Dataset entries
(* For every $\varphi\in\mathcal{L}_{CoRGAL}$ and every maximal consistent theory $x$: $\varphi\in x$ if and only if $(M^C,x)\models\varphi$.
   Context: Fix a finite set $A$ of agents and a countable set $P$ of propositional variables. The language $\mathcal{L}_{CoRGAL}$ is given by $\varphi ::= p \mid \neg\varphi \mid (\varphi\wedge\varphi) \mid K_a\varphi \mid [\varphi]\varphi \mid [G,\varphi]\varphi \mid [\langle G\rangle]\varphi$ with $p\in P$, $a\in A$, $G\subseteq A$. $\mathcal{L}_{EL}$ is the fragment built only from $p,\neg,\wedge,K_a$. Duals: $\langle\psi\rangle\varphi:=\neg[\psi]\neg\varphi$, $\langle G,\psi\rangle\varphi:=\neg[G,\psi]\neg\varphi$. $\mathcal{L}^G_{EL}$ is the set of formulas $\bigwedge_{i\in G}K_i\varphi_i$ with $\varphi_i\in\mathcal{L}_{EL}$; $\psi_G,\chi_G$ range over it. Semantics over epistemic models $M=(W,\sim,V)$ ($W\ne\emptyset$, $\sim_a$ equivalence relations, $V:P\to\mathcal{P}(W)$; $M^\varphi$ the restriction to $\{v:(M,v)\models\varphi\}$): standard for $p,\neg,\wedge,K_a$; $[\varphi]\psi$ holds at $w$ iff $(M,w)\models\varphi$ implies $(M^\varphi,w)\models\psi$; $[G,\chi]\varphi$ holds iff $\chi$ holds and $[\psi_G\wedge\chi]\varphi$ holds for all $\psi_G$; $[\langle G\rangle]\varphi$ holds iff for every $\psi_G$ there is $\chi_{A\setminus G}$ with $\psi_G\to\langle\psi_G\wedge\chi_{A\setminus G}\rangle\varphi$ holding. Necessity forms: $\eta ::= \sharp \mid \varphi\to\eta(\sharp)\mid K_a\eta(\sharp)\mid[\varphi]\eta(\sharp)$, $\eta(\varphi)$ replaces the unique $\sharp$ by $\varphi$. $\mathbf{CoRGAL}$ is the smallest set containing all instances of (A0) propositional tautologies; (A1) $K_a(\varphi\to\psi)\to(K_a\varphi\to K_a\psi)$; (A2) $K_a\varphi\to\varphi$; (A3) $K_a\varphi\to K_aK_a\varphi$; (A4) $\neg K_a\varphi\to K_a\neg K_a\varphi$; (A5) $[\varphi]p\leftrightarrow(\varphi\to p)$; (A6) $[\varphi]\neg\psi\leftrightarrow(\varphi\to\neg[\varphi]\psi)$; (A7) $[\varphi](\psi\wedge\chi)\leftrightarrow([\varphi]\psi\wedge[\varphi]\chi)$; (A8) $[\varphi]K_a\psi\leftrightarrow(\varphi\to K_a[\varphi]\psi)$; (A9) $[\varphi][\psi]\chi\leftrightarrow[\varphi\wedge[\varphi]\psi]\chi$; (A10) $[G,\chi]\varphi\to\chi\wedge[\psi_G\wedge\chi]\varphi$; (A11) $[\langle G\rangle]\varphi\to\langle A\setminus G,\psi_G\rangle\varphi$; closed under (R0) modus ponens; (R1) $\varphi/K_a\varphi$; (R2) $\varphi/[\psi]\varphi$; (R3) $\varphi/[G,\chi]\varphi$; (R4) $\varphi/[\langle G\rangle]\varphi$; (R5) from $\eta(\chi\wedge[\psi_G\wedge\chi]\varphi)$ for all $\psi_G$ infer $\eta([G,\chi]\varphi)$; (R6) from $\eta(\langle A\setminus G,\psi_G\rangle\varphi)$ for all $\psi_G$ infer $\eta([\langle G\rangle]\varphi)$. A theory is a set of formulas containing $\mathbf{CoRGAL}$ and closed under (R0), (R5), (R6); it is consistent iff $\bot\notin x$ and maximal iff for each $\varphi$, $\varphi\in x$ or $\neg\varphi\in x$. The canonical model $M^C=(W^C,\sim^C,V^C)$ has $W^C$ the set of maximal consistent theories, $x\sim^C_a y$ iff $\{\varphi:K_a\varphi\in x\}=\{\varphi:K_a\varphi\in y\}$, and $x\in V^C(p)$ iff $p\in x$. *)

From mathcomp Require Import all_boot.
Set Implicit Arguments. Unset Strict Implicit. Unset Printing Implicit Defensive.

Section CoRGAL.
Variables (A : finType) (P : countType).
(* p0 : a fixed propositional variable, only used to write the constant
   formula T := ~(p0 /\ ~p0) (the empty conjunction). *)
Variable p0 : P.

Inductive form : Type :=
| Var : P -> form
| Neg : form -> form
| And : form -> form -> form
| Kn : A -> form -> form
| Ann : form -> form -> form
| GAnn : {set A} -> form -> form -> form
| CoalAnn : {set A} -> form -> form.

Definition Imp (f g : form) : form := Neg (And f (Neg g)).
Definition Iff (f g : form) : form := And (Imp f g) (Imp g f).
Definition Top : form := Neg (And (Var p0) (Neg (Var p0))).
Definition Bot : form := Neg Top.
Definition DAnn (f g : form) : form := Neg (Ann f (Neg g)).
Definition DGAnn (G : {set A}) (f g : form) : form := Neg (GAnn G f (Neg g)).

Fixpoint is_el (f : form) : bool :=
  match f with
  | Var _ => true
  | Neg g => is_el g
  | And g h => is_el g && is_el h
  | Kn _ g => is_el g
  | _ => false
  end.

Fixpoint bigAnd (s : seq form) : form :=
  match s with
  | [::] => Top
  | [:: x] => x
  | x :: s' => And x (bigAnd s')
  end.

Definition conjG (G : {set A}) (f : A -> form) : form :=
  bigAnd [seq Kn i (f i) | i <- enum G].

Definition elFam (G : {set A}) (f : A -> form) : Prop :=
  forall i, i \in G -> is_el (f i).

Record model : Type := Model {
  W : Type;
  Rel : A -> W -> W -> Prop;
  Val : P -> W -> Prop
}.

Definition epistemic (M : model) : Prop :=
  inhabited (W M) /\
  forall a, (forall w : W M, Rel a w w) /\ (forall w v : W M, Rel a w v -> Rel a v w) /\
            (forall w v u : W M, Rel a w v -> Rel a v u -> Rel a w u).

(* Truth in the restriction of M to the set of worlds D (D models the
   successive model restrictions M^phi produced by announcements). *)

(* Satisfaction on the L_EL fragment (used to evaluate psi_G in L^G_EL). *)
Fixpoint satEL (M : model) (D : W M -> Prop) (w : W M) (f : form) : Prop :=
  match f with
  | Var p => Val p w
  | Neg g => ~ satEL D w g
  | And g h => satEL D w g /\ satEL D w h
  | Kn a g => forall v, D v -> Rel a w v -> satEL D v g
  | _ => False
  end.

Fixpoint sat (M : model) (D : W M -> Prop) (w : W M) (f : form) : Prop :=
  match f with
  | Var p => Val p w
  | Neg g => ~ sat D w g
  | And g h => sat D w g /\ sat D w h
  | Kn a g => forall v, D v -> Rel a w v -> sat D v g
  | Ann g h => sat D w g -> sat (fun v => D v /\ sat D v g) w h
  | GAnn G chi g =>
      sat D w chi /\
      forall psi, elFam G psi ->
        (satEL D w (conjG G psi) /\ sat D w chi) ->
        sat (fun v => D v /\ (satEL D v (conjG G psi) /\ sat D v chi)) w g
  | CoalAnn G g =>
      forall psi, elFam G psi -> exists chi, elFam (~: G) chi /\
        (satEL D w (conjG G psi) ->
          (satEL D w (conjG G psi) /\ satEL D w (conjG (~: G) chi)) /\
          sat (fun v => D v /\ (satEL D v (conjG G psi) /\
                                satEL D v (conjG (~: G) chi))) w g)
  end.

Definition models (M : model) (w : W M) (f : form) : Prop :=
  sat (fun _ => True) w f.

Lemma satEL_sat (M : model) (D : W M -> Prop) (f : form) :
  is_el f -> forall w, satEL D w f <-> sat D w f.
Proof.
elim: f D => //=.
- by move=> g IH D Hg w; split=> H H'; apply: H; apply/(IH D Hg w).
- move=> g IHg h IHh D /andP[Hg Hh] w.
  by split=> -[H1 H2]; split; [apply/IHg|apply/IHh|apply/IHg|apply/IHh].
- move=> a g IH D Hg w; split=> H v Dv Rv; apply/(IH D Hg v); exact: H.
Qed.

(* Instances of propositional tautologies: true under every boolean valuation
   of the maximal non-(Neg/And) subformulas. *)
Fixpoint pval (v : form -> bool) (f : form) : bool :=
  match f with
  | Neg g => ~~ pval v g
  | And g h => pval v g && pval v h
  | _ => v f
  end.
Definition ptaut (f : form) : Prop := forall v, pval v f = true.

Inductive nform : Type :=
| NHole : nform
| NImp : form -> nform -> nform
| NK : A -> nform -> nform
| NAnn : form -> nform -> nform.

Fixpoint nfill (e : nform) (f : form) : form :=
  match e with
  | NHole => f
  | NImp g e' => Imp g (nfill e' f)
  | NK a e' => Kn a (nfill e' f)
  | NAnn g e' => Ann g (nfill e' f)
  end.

◆ **Problem to work on**
Report the lines above that contain "pval".

◆ **Result**
Fixpoint pval (v : form -> bool) (f : form) : bool :=
  | Neg g => ~~ pval v g
  | And g h => pval v g && pval v h
Definition ptaut (f : form) : Prop := forall v, pval v f = true.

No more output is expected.